I also believe in trusting. The easiest way to impact someone and reduce their fragility is to trust them, and provide whatever positive presence and quality information we can.

How do you guide people on the journey to that place of “thinking bolder”?

I have to understand a person’s perspective and appreciate them where they are versus where I think they could or should be. When a person feels heard and appreciated, it is actually a rare and empowering occurrence. I think about the African greeting, I see you, with all the depth and nuance it suggests. That’s meeting people where they are. If you’ve ever experienced a great coach, you know that they can see the personal integrity in you, and that they can clearly imagine the best version of yourself that you could be.

Yes, and that’s a huge part of our approach, isn’t it? To look for the best, and to breathe life into that spark of greatness that we find in people. Tell me what else you like about working with Roy Group.

Excellent feedback. The team as a whole are HR geniuses who appreciate and even love their team members. It feels great to work with a singular company that walks its talk.
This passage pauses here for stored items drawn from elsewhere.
Lemma Ri_al0 : Ri al0. Proof. exact: rchain_refl. Qed.
Lemma Ri_root a : Ri a -> is_root br emb a. Proof. by case/rchain_Rxr. Qed.
Lemma Ri_nondeg a : Ri a -> hf a a != 0. Proof. by case/rchain_Rxr. Qed.
Lemma Ri_scalar a : Ri a -> scalar a. Proof. by move/Ri_root/root_scalar. Qed.
Lemma Ri_Vi a : Ri a -> Vi a. Proof. exact: real_span_in. Qed.
Lemma Vi_Vsp u : Vi u -> Vs u. Proof. by apply: sub_real_span => a /Ri_root. Qed.
Lemma Vi_scalar u : Vi u -> scalar u. Proof. by move/Vi_Vsp/Vsp_scalar. Qed.

Lemma reflection_Vi al u : Ri al -> Vi u -> Vi (reflection al u).
Proof.
move=> Ri_al Vu.
have -> : reflection al u = fun h => u h + (- (2 * ((c * hf al u) / (c * hf al al)))) * al h.
  apply: funext => h; rewrite /reflection -(hformE al (Vi_scalar Vu)).
  by field; rewrite hc Ri_nondeg.
apply: real_span_comb => //; first exact: Ri_Vi.
by rewrite rpredN rpredM ?rpred_nat // rpred_div // c_real //; apply: Ri_Vi.
Qed.

Lemma reflection_Ri al be : Ri al -> Ri be -> Ri (reflection al be).
Proof.
move=> Ri_al Ri_be; have al_lin := Ri_scalar Ri_al; have be_lin := Ri_scalar Ri_be.
have Rx_refl : Rxx (reflection al be).
  split; last by rewrite hform_reflection ?Ri_nondeg.
  have := root_reflect (rchain_Rxr Ri_al) (Ri_root Ri_be).
  by congr is_root; apply: funext => h; rewrite /reflection (hformE al be_lin).
have [al_be0|al_be] := eqVneq (hf al be) 0.
  by rewrite reflection_fix // -(hformE al be_lin).
apply: (rchain_rcons Ri_al Rx_refl).
by rewrite (hform_reflection_self al_lin (Ri_nondeg Ri_al) be_lin) oppr_eq0.
Qed.

Fixpoint weyl_word (ws : seq (H -> C)) : Prop :=
  if ws is a :: ws' then Ri a /\ weyl_word ws' else True.

Lemma weyl_word_rcons ws a : weyl_word ws -> Ri a -> weyl_word (rcons ws a).
Proof. by elim: ws => //= b ws IH [Rb Wb] Ra; split => //; apply: IH. Qed.

Definition weyl_act (ws : seq (H -> C)) u := foldr reflection u ws.

Lemma weyl_act_rcons ws a u : weyl_act (rcons ws a) u = weyl_act ws (reflection a u).
Proof. exact: foldr_rcons. Qed.

Lemma weyl_act_Vi ws u : weyl_word ws -> Vi u -> Vi (weyl_act ws u).
Proof. by elim: ws => //= a ws IH [Ra W] Vu; apply: reflection_Vi => //; apply: IH. Qed.

Lemma weyl_act_Ri ws u : weyl_word ws -> Ri u -> Ri (weyl_act ws u).
Proof. by elim: ws => //= a ws IH [Ra W] Ru; apply: reflection_Ri => //; apply: IH. Qed.

Lemma weyl_act_comb ws u r w :
  weyl_act ws (fun h => u h + r * w h) = fun h => weyl_act ws u h + r * weyl_act ws w h.
Proof. by elim: ws => //= a ws ->; rewrite reflection_comb. Qed.

Lemma weyl_act_opp ws u : weyl_act ws (fun h => - u h) = fun h => - weyl_act ws u h.
Proof. by elim: ws => //= a ws ->; rewrite reflection_opp. Qed.

Lemma weyl_act_sum ws m (r : 'I_m -> C) (a : 'I_m -> H -> C) :
  weyl_act ws (fun h => \sum_k r k * a k h) = fun h => \sum_k r k * weyl_act ws (a k) h.
Proof. by elim: ws => //= b ws ->; rewrite reflection_sum. Qed.

Lemma weyl_act_fix ws v :
  weyl_word ws -> (forall a, Ri a -> v (tv a) = 0) -> weyl_act ws v = v.
Proof. by elim: ws => //= a ws IH [Ra W] v0; rewrite IH // reflection_fix // v0. Qed.

Lemma weyl_act_eqv ws u w :
  weyl_word ws -> rad_eqv u w -> rad_eqv (weyl_act ws u) (weyl_act ws w).
Proof.
elim: ws => //= a ws IH [Ra W] /(IH W) E.
have aE : weyl_act ws u (tv a) = weyl_act ws w (tv a).
  exact: rad_eqv_eval E (real_span_in (Ri_root Ra)).
move: E; rewrite /rad_eqv; congr Vr; apply: funext => h.
by rewrite /reflection aE; ring.
Qed.

Definition class_of (u : H -> C) : 'I_n := epsilon (inhabits k0) (fun k => rad_eqv u (s k)).

Lemma class_ofP b : Ri b -> rad_eqv b (s (class_of b)).
Proof. by move/Ri_finite; apply: epsilon_spec. Qed.

Lemma class_of_eqv u w : rad_eqv u w -> class_of u = class_of w.
Proof.
move=> E; congr epsilon; apply: funext => k; apply: propext.
by split; [apply: rad_eqv_trans (rad_eqv_sym E) | apply: rad_eqv_trans E].
Qed.

(* [class_rep k] is a root of the class [s k] when that class meets [Ri], and
   [al0] otherwise; either way it lies in [Ri]. *)
Definition class_rep k := epsilon (inhabits al0)
  (fun b => Ri b /\ ((exists b', Ri b' /\ rad_eqv b' (s k)) -> rad_eqv b (s k))).

Lemma class_repP k : Ri (class_rep k) /\
  ((exists b, Ri b /\ rad_eqv b (s k)) -> rad_eqv (class_rep k) (s k)).
Proof.
pose P b := Ri b /\ ((exists b', Ri b' /\ rad_eqv b' (s k)) -> rad_eqv b (s k)).
have [b Pb] : exists b, P b.
  case: (pselect (exists b, Ri b /\ rad_eqv b (s k))) => [[b [Rb Eb]]|no_b].
    by exists b; split => // _.
  by exists al0; split => [|/no_b]; first exact: Ri_al0.
exact: (epsilon_spec (inhabits al0) P (ex_intro _ b Pb)).
Qed.

Definition class_action (ws : seq (H -> C)) : {ffun 'I_n -> 'I_n} :=
  [ffun k => class_of (weyl_act ws (class_rep k))].

Lemma class_action_eqv ws ws' b : weyl_word ws -> weyl_word ws' ->
  class_action ws = class_action ws' -> Ri b -> rad_eqv (weyl_act ws b) (weyl_act ws' b).
Proof.
move=> W W' act_eq Rb; set k := class_of b.
have [Rrep /(_ (ex_intro _ b (conj Rb (class_ofP Rb)))) Erep] := class_repP k.
have b_rep : rad_eqv b (class_rep k) := rad_eqv_trans (class_ofP Rb) (rad_eqv_sym Erep).
have act_class vs : weyl_word vs -> rad_eqv (weyl_act vs b) (s (class_action vs k)).
  move=> V; rewrite ffunE.
  exact: rad_eqv_trans (weyl_act_eqv V b_rep) (class_ofP (weyl_act_Ri V Rrep)).
by apply: rad_eqv_trans (act_class _ W) _; rewrite act_eq; apply/rad_eqv_sym/act_class.
Qed.

Lemma class_action_eqv_Vi ws ws' x : weyl_word ws -> weyl_word ws' ->
  class_action ws = class_action ws' -> Vi x -> rad_eqv (weyl_act ws x) (weyl_act ws' x).
Proof.
move=> W W' act_eq [m [r [a [Sa xE]]]].
have -> : x = fun h => \sum_k r k * a k h by apply: funext.
rewrite !weyl_act_sum /rad_eqv.
have := Vrad_sum (fun k => (Sa k).1) (fun k => class_action_eqv W W' act_eq (Sa k).2).
by congr Vr; apply: funext => h; rewrite -sumrB; apply: eq_bigr => k _; ring.
Qed.

(* Evaluated on [Vsp], a word acts only through its action on the finitely many
   classes of [Ri] modulo [Vrad] (see [class_action_eqv]); [weyl_actions] is the
   finite set of these actions, and [word_of] picks a word for each. *)
Definition weyl_actions : {set {ffun 'I_n -> 'I_n}} :=
  [set p | `[< exists ws, weyl_word ws /\ class_action ws = p >] ].

Definition word_of p :=
  epsilon (inhabits [::]) (fun ws => weyl_word ws /\ class_action ws = p).

Lemma word_ofP p : p \in weyl_actions -> weyl_word (word_of p) /\ class_action (word_of p) = p.
Proof. by rewrite inE => /asboolP ex; exact: epsilon_spec ex. Qed.

Lemma class_action_in ws : weyl_word ws -> class_action ws \in weyl_actions.
Proof. by move=> W; rewrite inE; apply/asboolP; exists ws. Qed.

Lemma weyl_actions_rcons_inj a : Ri a ->
  {in weyl_actions &, injective (fun p => class_action (rcons (word_of p) a))}.
Proof.
move=> Ra p1 p2 /word_ofP [W1 S1] /word_ofP [W2 S2] /= eq12.
rewrite -S1 -S2; apply/ffunP => k; rewrite !ffunE; apply: class_of_eqv.
have [Rrep _] := class_repP k.
have := class_action_eqv (weyl_word_rcons W1 Ra) (weyl_word_rcons W2 Ra) eq12
  (reflection_Ri Ra Rrep).
by rewrite !weyl_act_rcons (reflectionK (Ri_scalar Ra) (Ri_nondeg Ra)).
Qed.

(* Appending the reflection [a] to the chosen words permutes [weyl_actions]. *)
Lemma weyl_sum_reflection a (Phi : seq (H -> C) -> C) : Ri a ->
  (forall ws ws', weyl_word ws -> weyl_word ws' -> class_action ws = class_action ws' ->
     Phi ws = Phi ws') ->
  \sum_(p in weyl_actions) Phi (rcons (word_of p) a) = \sum_(p in weyl_actions) Phi (word_of p).
Proof.
move=> Ra Phi_class; pose phi p := class_action (rcons (word_of p) a).
have phi_in p : p \in weyl_actions -> phi p \in weyl_actions.
  by case/word_ofP => W _; apply/class_action_in/weyl_word_rcons.
have E p : p \in weyl_actions -> Phi (rcons (word_of p) a) = Phi (word_of (phi p)).
  move=> Fp; have [W _] := word_ofP Fp; have [W' S'] := word_ofP (phi_in p Fp).
  by apply: Phi_class => //; apply: weyl_word_rcons.
rewrite (eq_bigr _ E) -(big_imset (fun p => Phi (word_of p)) (weyl_actions_rcons_inj Ra)) /=.
suff -> : [set phi p | p in weyl_actions] = weyl_actions by [].
apply/eqP; rewrite eqEcard card_in_imset ?leqnn ?andbT; last exact: weyl_actions_rcons_inj.
by apply/subsetP => x /imsetP [p Fp ->]; apply: phi_in.
Qed.

Lemma weyl_orbit_sum b d : Ri b -> Vs d ->
  \sum_(p in weyl_actions) weyl_act (word_of p) b (tv d) = 0.
Proof.
move=> Rb Sd; set S := (X in X = 0).
have refl_b := reflection_self (Ri_scalar Rb) (Ri_nondeg Rb).
have : \sum_(p in weyl_actions) weyl_act (rcons (word_of p) b) b (tv d) = S.
  apply: (weyl_sum_reflection (Phi := fun ws => weyl_act ws b (tv d)) Rb) => ws ws' W W' eq_ws.
  exact: rad_eqv_eval (class_action_eqv W W' eq_ws Rb) Sd.
under eq_bigr do rewrite weyl_act_rcons refl_b weyl_act_opp.
rewrite sumrN => NS; have : S *+ 2 = 0 by rewrite mulr2n -{1}NS addNr.
by move/eqP; rewrite mulrn_eq0 => /eqP.
Qed.

Lemma Ri_orth_Vrad v : Vi v -> (forall b, Ri b -> hf v b = 0) -> Vr v.
Proof.
move=> Vv v_orth; have v_lin := Vi_scalar Vv.
have v_fix ws : weyl_word ws -> weyl_act ws v = v.
  by move=> W; apply: weyl_act_fix => // b Rb; rewrite -(hformE b v_lin) hformC v_orth.
(* [v] is fixed by the reflections, so [|W| v] is the sum of its [W]-images,
   while the [W]-orbit sums of the roots in [Ri] vanish. *)
have v_root d : is_root br emb d -> v (tv d) = 0.
  move=> rd; set S := \sum_(p in weyl_actions) weyl_act (word_of p) v (tv d).
  have S_const : S = v (tv d) *+ #|weyl_actions|.
    by rewrite -sumr_const; apply: eq_bigr => p /word_ofP [W _]; rewrite v_fix.
  have S0 : S = 0.
    have [m [r [a [Sa vE]]]] := Vv.
    rewrite /S (_ : v = fun h => \sum_k r k * a k h); last exact: funext.
    under eq_bigr do rewrite weyl_act_sum.
    rewrite exchange_big big1 // => k _; rewrite -mulr_sumr weyl_orbit_sum ?mulr0 //.
      exact: (Sa k).2.
    exact: real_span_in.
  move: S0; rewrite S_const => /eqP; rewrite mulrn_eq0 => /orP [|/eqP //].
  rewrite cards_eq0 => /eqP no_act.
  by have := class_action_in (I : weyl_word [::]); rewrite no_act inE.
split; first exact: Vi_Vsp.
move=> w Sw; rewrite (hformE v (Vsp_scalar Sw)); have [m [r [a [Sa ->]]]] := Sw.
rewrite big1 // => k _; have [_ rk] := Sa k.
by rewrite -(hformE v (root_scalar rk)) hformC (hformE _ v_lin) v_root // mulr0.
Qed.

Definition weyl_coord ws u := c * weyl_act ws u (tv al0).

Definition avg_form x y :=
  \sum_(p in weyl_actions) weyl_coord (word_of p) x * weyl_coord (word_of p) y.

Definition avg_ratio a := avg_form a a / (c * hf a a).

Lemma weyl_coord_real ws u : weyl_word ws -> Vi u -> weyl_coord ws u \is Num.real.
Proof.
move=> W Vu; have Va := weyl_act_Vi W Vu.
rewrite /weyl_coord -(hformE al0 (Vi_scalar Va)) c_real //.
exact/Ri_Vi/Ri_al0.
Qed.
It’s fulfilling to be truly helpful in providing a suite of services that everyone actually needs. Ultimately, what we do makes the world a little brighter, a little more humane, and even a little better managed.

When you’re not coaching, what would we find you doing?

I read a ton, spend time with my three boys, and focus on staying fit and healthy. I am evangelical about people taking responsibility for the one thing that’s totally within their control: body/mind balance! My wife is a yoga and meditation ‘guru’ and so while I do practice yoga daily, I go off and play a lot of golf on my own. Golf is the real balance I need in life: it’s the one game that is pretty much immune to strategy, analysis and effort.

Do you have any special interests or competencies? Weird superpowers?

I used to be able to look at a long column of numbers and tally them in the blink of an eye. But then Microsoft released Excel.